Занятия в Университете были очень интенсивными. Большинство клиник было расположено в Инзешпиталь   —  главном центре госпиталя в Берне, каждая   —  в своем павильоне с аудиторией, так что студенты не теряя времени переходили из одной клиники в другую на лекции и демонстрации. Вне города располагались только клиника акушерства и гинекологии и глазное отделение.

Обучение основывалось на демонстрации разных случаев. Больной приходил (или его привозили) и профессор или его ассистент вызывал трех-четырех студентов-старшекурсников присоединиться к нему внизу амфитеатра аудитории, чтобы обсудить данный случай. Мне этот метод обучения казался очень интересным. Фактически, это был осмотр пациента в присутствие множества студентов и он требовал покорности от пациентов, чье право не демонстрировать свое тело непозволительно по теперешним понятиям нарушалось.
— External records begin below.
(* Assume the standing assumptions (P1)–(P6) described in the context. Let $(f_0,t_0)\in\mathrm{Dom}\,\mathcal P$ and suppose the Volterra problem VP$(f_0,t_0)$ has two solutions $\varphi\in C([t_0,T),F)$ and $\varphi'\in C([t_0,T'),F)$. Then $\varphi(t)=\varphi'(t)$ for all $t\in[t_0,\min(T,T'))$.
   Context: All Banach spaces are over a common field ($\mathbb R$ or $\mathbb C$). For Banach spaces $X,Y$, $X\hookrightarrow Y$ means that $X$ is a dense linear subspace of $Y$ and the inclusion is continuous. Standing assumptions: (P1) $F_+,F,F_-$ are Banach spaces with norms $\|\cdot\|_+,\|\cdot\|,\|\cdot\|_-$ and $F_+\hookrightarrow F\hookrightarrow F_-$; $B(f_0,r):=\{f\in F:\|f-f_0\|<r\}$. (P2) $\mathcal A:F_+\to F_-$ is linear and on $F_+$ the norm $\|\cdot\|_+$ is equivalent to $f\mapsto\|f\|_-+\|\mathcal Af\|_-$. (P3) $\mathcal A$, viewed as a densely defined operator in $F_-$ with domain $F_+$, generates a strongly continuous semigroup $(e^{t\mathcal A})_{t\ge0}$ on $F_-$. (P4) $e^{t\mathcal A}(F)\subset F$ for $t\ge0$, $(f,t)\mapsto e^{t\mathcal A}f$ is continuous from $F\times[0,\infty)$ to $F$, and $u\in C([0,\infty),(0,\infty))$ satisfies $\|e^{t\mathcal A}f\|\le u(t)\|f\|$. (P5) $e^{t\mathcal A}(F_-)\subset F$ for $t>0$, $(f,t)\mapsto e^{t\mathcal A}f$ is continuous from $F_-\times(0,\infty)$ to $F$, and $u_-\in C((0,\infty),(0,\infty))$ satisfies $\|e^{t\mathcal A}f\|\le u_-(t)\|f\|_-$ for $t>0$, $f\in F_-$, with $u_-(t)=O(t^{-(1-\sigma)})$ as $t\to0^+$ for some $\sigma\in(0,1]$. (P6) $\mathcal P:\mathrm{Dom}\,\mathcal P\subset F\times\mathbb R\to F_-$; the domain is semi-open (for each $(f_0,t_0)\in\mathrm{Dom}\,\mathcal P$ there are $\delta,r\in(0,+\infty]$ with $B(f_0,r)\times[t_0,t_0+\delta)\subset\mathrm{Dom}\,\mathcal P$), and for every closed bounded $\mathcal C\subset F\times\mathbb R$ with $\mathcal C\subset\mathrm{Dom}\,\mathcal P$ there are $L,M\ge0$ with $\|\mathcal P(f,t)-\mathcal P(f',t')\|_-\le L\|f-f'\|+M|t-t'|$ on $\mathcal C$. A solution of the Volterra problem VP$(f_0,t_0)$ on $[t_0,T)$ ($T\in(t_0,+\infty]$) is a $\varphi\in C([t_0,T),F)$ whose graph $\{(\varphi(t),t)\}$ lies in $\mathrm{Dom}\,\mathcal P$ and with $\varphi(t)=e^{(t-t_0)\mathcal A}f_0+\int_{t_0}^te^{(t-s)\mathcal A}\mathcal P(\varphi(s),s)\,ds$ for all $t\in[t_0,T)$. *)

(* Banach spaces = CompleteNormedModule R_AbsRing. *)
From Stdlib Require Import Reals.
From Coquelicot Require Export Coquelicot.
Open Scope R_scope.

Section Defs.
Context {K : AbsRing}.

Definition dense_cont_embedding {X Y : NormedModule K} (i : X -> Y) : Prop :=
  is_linear i /\ (forall x y, i x = i y -> x = y) /\
  (forall (y : Y) (eps : R), 0 < eps -> exists x : X, norm (minus (i x) y) < eps).
End Defs.

(* linear (not necessarily bounded) map *)
Definition lin_map {X Y : NormedModule R_AbsRing} (A : X -> Y) : Prop :=
  (forall x y, A (plus x y) = plus (A x) (A y)) /\
  (forall (k : R) x, A (scal k x) = scal k (A x)).

Definition C0_semigroup {X : NormedModule R_AbsRing} (S : R -> X -> X) : Prop :=
  (forall t, 0 <= t -> is_linear (S t)) /\
  (forall x, S 0 x = x) /\
  (forall s t x, 0 <= s -> 0 <= t -> S (s + t) x = S s (S t x)) /\
  (forall x t, 0 <= t ->
     filterlim (fun s => S s x) (within (fun s => 0 <= s) (locally t)) (locally (S t x))).

(* the generator of S is the operator A with domain j(D), j : D -> X *)
Definition generates {D X : NormedModule R_AbsRing} (j : D -> X) (A : D -> X)
  (S : R -> X -> X) : Prop :=
  (forall y : X, (exists z : X,
       filterlim (fun h => scal (/ h) (minus (S h y) y)) (at_right 0) (locally z))
     <-> exists x : D, y = j x) /\
  (forall x : D,
     filterlim (fun h => scal (/ h) (minus (S h (j x)) (j x))) (at_right 0) (locally (A x))).

(* standing assumptions (P1)-(P6); i1 : F+ ↪ F, i2 : F ↪ F-,
   S t = e^{tA} on F-, SF t = e^{tA} restricted to F (t >= 0),
   SFm t = e^{tA} : F- -> F (t > 0) *)
Definition standing_assumptions
  {Fp F Fm : CompleteNormedModule R_AbsRing}
  (i1 : Fp -> F) (i2 : F -> Fm) (A : Fp -> Fm) (S : R -> Fm -> Fm)
  (SF : R -> F -> F) (u : R -> R) (SFm : R -> Fm -> F) (um : R -> R) (sigma : R)
  (DomP : F -> R -> Prop) (P : F -> R -> Fm) : Prop :=
  dense_cont_embedding i1 /\ dense_cont_embedding i2 /\
  lin_map A /\
  (exists c C : R, 0 < c /\ 0 < C /\ forall f : Fp,
     c * norm f <= norm (i2 (i1 f)) + norm (A f) /\
     norm (i2 (i1 f)) + norm (A f) <= C * norm f) /\
  C0_semigroup S /\ generates (fun f => i2 (i1 f)) A S /\
  (forall t (f : F), 0 <= t -> i2 (SF t f) = S t (i2 f)) /\
  (forall (f : F) t, 0 <= t ->
     filterlim (fun p : F * R => SF (snd p) (fst p))
       (within (fun p : F * R => 0 <= snd p) (locally (f, t))) (locally (SF t f))) /\
  (forall t, 0 <= t -> 0 < u t /\
     filterlim u (within (fun s => 0 <= s) (locally t)) (locally (u t))) /\
  (forall t (f : F), 0 <= t -> norm (SF t f) <= u t * norm f) /\
  (forall t (f : Fm), 0 < t -> i2 (SFm t f) = S t f) /\
  (forall (f : Fm) t, 0 < t ->
     filterlim (fun p : Fm * R => SFm (snd p) (fst p)) (locally (f, t)) (locally (SFm t f))) /\
  (forall t, 0 < t -> 0 < um t /\ continuous um t) /\
  (forall t (f : Fm), 0 < t -> norm (SFm t f) <= um t * norm f) /\
  0 < sigma <= 1 /\
  (exists C delta : R, 0 < delta /\
     forall t, 0 < t < delta -> um t <= C * Rpower t (sigma - 1)) /\
  (* P6 : semi-open domain *)
  (forall f0 t0, DomP f0 t0 -> exists delta r : R, 0 < delta /\ 0 < r /\
     forall f t, norm (minus f f0) < r -> t0 <= t < t0 + delta -> DomP f t) /\
  (forall Cs : F * R -> Prop,
     closed Cs ->
     (exists B : R, forall p, Cs p -> norm (fst p) + Rabs (snd p) <= B) ->
     (forall p, Cs p -> DomP (fst p) (snd p)) ->
     exists L M : R, 0 <= L /\ 0 <= M /\ forall f t f' t', Cs (f, t) -> Cs (f', t') ->
       norm (minus (P f t) (P f' t')) <= L * norm (minus f f') + M * Rabs (t - t')).

(* phi is a solution of VP(f0,t0) on [t0,T) ; the integral is the Riemann
   integral in F- of the (F- -continuous) integrand, and F is viewed inside F- via i2 *)
Definition VP_solution
  {F Fm : CompleteNormedModule R_AbsRing} (i2 : F -> Fm) (S : R -> Fm -> Fm)
  (DomP : F -> R -> Prop) (P : F -> R -> Fm)
  (f0 : F) (t0 : R) (T : Rbar) (phi : R -> F) : Prop :=
  Rbar_lt t0 T /\
  (forall t, t0 <= t -> Rbar_lt t T ->
     filterlim phi (within (fun s => t0 <= s /\ Rbar_lt s T) (locally t)) (locally (phi t))) /\
  (forall t, t0 <= t -> Rbar_lt t T -> DomP (phi t) t) /\
  (forall t, t0 <= t -> Rbar_lt t T ->
     exists v : Fm, is_RInt (fun s => S (t - s) (P (phi s) s)) t0 t v /\
       i2 (phi t) = plus (S (t - t0) (i2 f0)) v).

From Stdlib Require Import Reals Lra Classical.
From Coquelicot Require Import Coquelicot.
Open Scope R_scope.

(* Fix [t1] below both existence times and let [d = phi - phi']. Read in F_-, [d] satisfies
   [d t = int_t0^t e^((t-s)A) (P (phi s) s - P (phi' s) s) ds]. The two graphs over [[t0, t1]]
   form a closed bounded subset of Dom P, on which P is L-Lipschitz, so the integrand lies in F
   with norm at most [u_-(t-s) L |d s| <= K L (t-s)^(sigma-1) |d s|]. Hence if [d = 0] on
   [[t0, tau]] and [|d| <= beta] on [[tau, t]], then [|d t| <= (K L / sigma) beta (t-tau)^sigma].
   Over a short enough step this halves every bound, so [d] vanishes step by step on [[t0, t1]]. *)

Lemma minus_eq_zero_eq {G : AbelianGroup} (x y : G) : minus x y = zero -> x = y.
Proof.
  intros Hxy. apply (plus_reg_r (opp y)).
  change (minus x y = minus y y). now rewrite Hxy, minus_eq_zero.
Qed.

Lemma norm_minus_le_0_eq {K : AbsRing} {V : NormedModule K} (x y : V) :
  norm (minus x y) <= 0 -> x = y.
Proof.
  intros Hn. apply minus_eq_zero_eq, norm_eq_zero.
  pose proof (norm_ge_0 (minus x y)). lra.
Qed.

Lemma minus_plus_l {G : AbelianGroup} (x y z : G) :
  minus (plus x y) (plus x z) = minus y z.
Proof.
  unfold minus. rewrite opp_plus, (plus_comm x y), <- plus_assoc. f_equal.
  rewrite plus_assoc. etransitivity; [|apply plus_zero_l]. f_equal. apply plus_opp_r.
Qed.

Lemma linear_minus {U V : NormedModule R_AbsRing} (l : U -> V) x y :
  is_linear l -> l (minus x y) = minus (l x) (l y).
Proof. intros Hl. unfold minus. now rewrite (linear_plus l Hl), (linear_opp l y Hl). Qed.

Lemma Riemann_sum_linear {U V : NormedModule R_AbsRing} (l : U -> V) (f : R -> U) ptd :
  is_linear l -> Riemann_sum (fun x => l (f x)) ptd = l (Riemann_sum f ptd).
Proof.
  intros Hl. induction ptd using SF_cons_ind.
  - symmetry. apply (linear_zero l Hl).
  - now rewrite !Riemann_sum_cons, IHptd, (linear_plus l Hl), (linear_scal l Hl).
Qed.

Lemma is_RInt_linear {U V : NormedModule R_AbsRing} (l : U -> V) (f : R -> U) a b v :
  is_linear l -> is_RInt f a b v -> is_RInt (fun x => l (f x)) a b (l v).
Proof.
  intros Hl Hf. eapply filterlim_ext.
  2: { eapply filterlim_comp; [exact Hf | apply (linear_cont l v Hl)]. }
  intros ptd. simpl. now rewrite (linear_scal l Hl), (Riemann_sum_linear l f).
Qed.

Lemma closed_or {T : UniformSpace} (D E : T -> Prop) :
  closed D -> closed E -> closed (fun x => D x \/ E x).
Proof.
  intros HD HE x Hx. apply NNPP. intros HDE. apply Hx.
  assert (HnD : locally x (fun y => ~ D y)) by (apply NNPP; intros H; apply HD in H; tauto).
  assert (HnE : locally x (fun y => ~ E y)) by (apply NNPP; intros H; apply HE in H; tauto).
  generalize (filter_and _ _ HnD HnE). apply filter_imp. tauto.
Qed.

Lemma closed_graph {V : NormedModule R_AbsRing} (p : R -> V) :
  (forall t, continuous p t) -> closed (fun z : V * R => fst z = p (snd z)).
Proof.
  intros Hp. apply (closed_ext (fun z : V * R => norm (minus (fst z) (p (snd z))) = 0)).
  - intros z. split; intros Hz.
    + apply norm_minus_le_0_eq. lra.
    + rewrite Hz, minus_eq_zero. apply norm_zero.
  - apply (closed_comp (fun z : V * R => norm (minus (fst z) (p (snd z)))) (fun r => r = 0));
      [|apply closed_eq].
    intros [f t]. apply (continuous_comp (fun z : V * R => minus (fst z) (p (snd z))) norm);
      [|apply filterlim_norm].
    apply continuous_minus; [apply continuous_fst|].
    apply (continuous_comp snd p); [apply continuous_snd | apply Hp].
Qed.

Definition clamp (a b x : R) : R := Rmin b (Rmax a x).

Lemma clamp_in a b x : a <= b -> a <= clamp a b x <= b.
Proof. unfold clamp, Rmin, Rmax. repeat destruct Rle_dec; lra. Qed.

Lemma clamp_id a b x : a <= x <= b -> clamp a b x = x.
Proof. unfold clamp, Rmin, Rmax. repeat destruct Rle_dec; lra. Qed.

Lemma clamp_lipschitz a b x y : a <= b -> Rabs (clamp a b x - clamp a b y) <= Rabs (x - y).
Proof. unfold clamp, Rmin, Rmax, Rabs. repeat destruct Rle_dec; repeat destruct Rcase_abs; lra. Qed.

Lemma continuous_clamp a b x : a <= b -> continuous (clamp a b) x.
Proof.
  intros Hab. apply filterlim_locally. intros eps. exists eps. intros y Hy.
  change (Rabs (clamp a b y - clamp a b x) < eps).
  pose proof (clamp_lipschitz a b y x Hab). change (Rabs (y - x) < eps) in Hy. lra.
Qed.

Lemma continuous_comp_clamp {V : UniformSpace} (f : R -> V) a b (D : R -> Prop) :
  a <= b -> (forall s, a <= s <= b -> D s) ->
  (forall s, a <= s <= b -> filterlim f (within D (locally s)) (locally (f s))) ->
  forall x, continuous (fun x => f (clamp a b x)) x.
Proof.
  intros Hab HD Hf x Q HQ.
  destruct (Hf _ (clamp_in a b x Hab) Q HQ) as [eps Heps].
  exists eps. intros y Hy. apply Heps; [|apply HD, clamp_in, Hab].
  change (Rabs (clamp a b y - clamp a b x) < eps).
  pose proof (clamp_lipschitz a b y x Hab). change (Rabs (y - x) < eps) in Hy. lra.
Qed.

Lemma continuous_norm_comp {V : NormedModule R_AbsRing} (f : R -> V) s :
  continuous f s -> continuous (fun x => norm (f x)) s.
Proof. intros Hf. apply (continuous_comp f norm); [exact Hf | apply filterlim_norm]. Qed.

Lemma continuous_of_lipschitz_bound {V W : NormedModule R_AbsRing} (h : R -> W) (p : R -> V)
  (c : R -> R) s L M :
  0 <= L -> 0 <= M ->
  (forall x, norm (minus (h x) (h s)) <= L * norm (minus (p x) (p s)) + M * Rabs (c x - c s)) ->
  continuous p s -> continuous c s -> continuous h s.
Proof.
  intros HL HM Hb Hp Hc. apply filterlim_locally_ball_norm. intros eps.
  assert (He : 0 < eps / (L + M + 1)) by (apply Rdiv_lt_0_compat; [apply cond_pos | lra]).
  set (e := mkposreal _ He).
  generalize (filter_and _ _ (proj1 (filterlim_locally_ball_norm _ _) Hp e)
                             (proj1 (filterlim_locally_ball_norm _ _) Hc e)).
  apply filter_imp. intros x [Hpx Hcx].
  change (norm (minus (p x) (p s)) < e) in Hpx. change (Rabs (c x - c s) < e) in Hcx.
  change (norm (minus (h x) (h s)) < eps).
  assert (Hsum : L * norm (minus (p x) (p s)) + M * Rabs (c x - c s) <= (L + M) * e).
  { rewrite Rmult_plus_distr_r.
    apply Rplus_le_compat; apply Rmult_le_compat_l; lra. }
  assert (Hlt : (L + M) * e < eps)
    by (simpl; apply (Rmult_lt_reg_r (L + M + 1)); [lra |];
        field_simplify; pose proof (cond_pos eps); lra).
  pose proof (Hb x). lra.
Qed.

Lemma continuous_bounded_on_interval (f : R -> R) a b :
  a <= b -> (forall c, a <= c <= b -> continuous f c) -> exists M, forall c, a <= c <= b -> f c <= M.
Proof.
  intros Hab Hf. destruct (continuity_ab_maj f a b Hab) as [x [Hx _]].
  - intros c Hc. apply continuity_pt_filterlim, Hf, Hc.
  - exists (f x). exact Hx.
Qed.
Швейцарские пациенты, однако, против этого не возражали (или боялись возражать). Пациентам оказывали помощь на глазах у всей аудитории. Глава каждой клиники, херр профессор, был личностью всеми уважаемой. Некоторые процедуры проводили помощники профессора. Эти демонстрации не только были введением в технику осмотра пациентов, ощупывание и выслушивание, но и помогали нам понять, как пользоваться различными инструментами типа офтальмоскопа и лор-зеркала.

Профессор Фрей был специалистом по болезням почек и легких. Это был высокий мужчина лет пятидесяти, отлично знавший свой предмет и излагавший его хорошим языком. Пациенты, которых он нам демонстрировал, часто были в плохом состоянии из-за воспаления легких или почечной недостаточности, но мне эти лекции запомнились на всю жизнь. Я никогда не забуду, например, ржаво-бурую мокроту больного с воспалением легких, прилипавшую ко дну стакана, или мочевые цилиндры в форме почечных канальцев.

На втором году клинических занятий меня вызвали осмотреть моего первого пациента и обсудить его диагноз. В те дни медицинское оборудование состояло в основном из рентгеновского аппарата для флюорографии и стетоскопа. Лабораторные анализы сводились к простым процедурам анализа мочи и определения уровня глюкозы и азота в моче. Активность ферментов никто измерять не мог. Клиническая медицина была практически на уровне девятнадцатого века, но за те 50 лет, которые я работаю, ее прогресс был поразителен. И все же медицина в Берне была превосходным примером хорошей диагностики, основанной на самых простых методах.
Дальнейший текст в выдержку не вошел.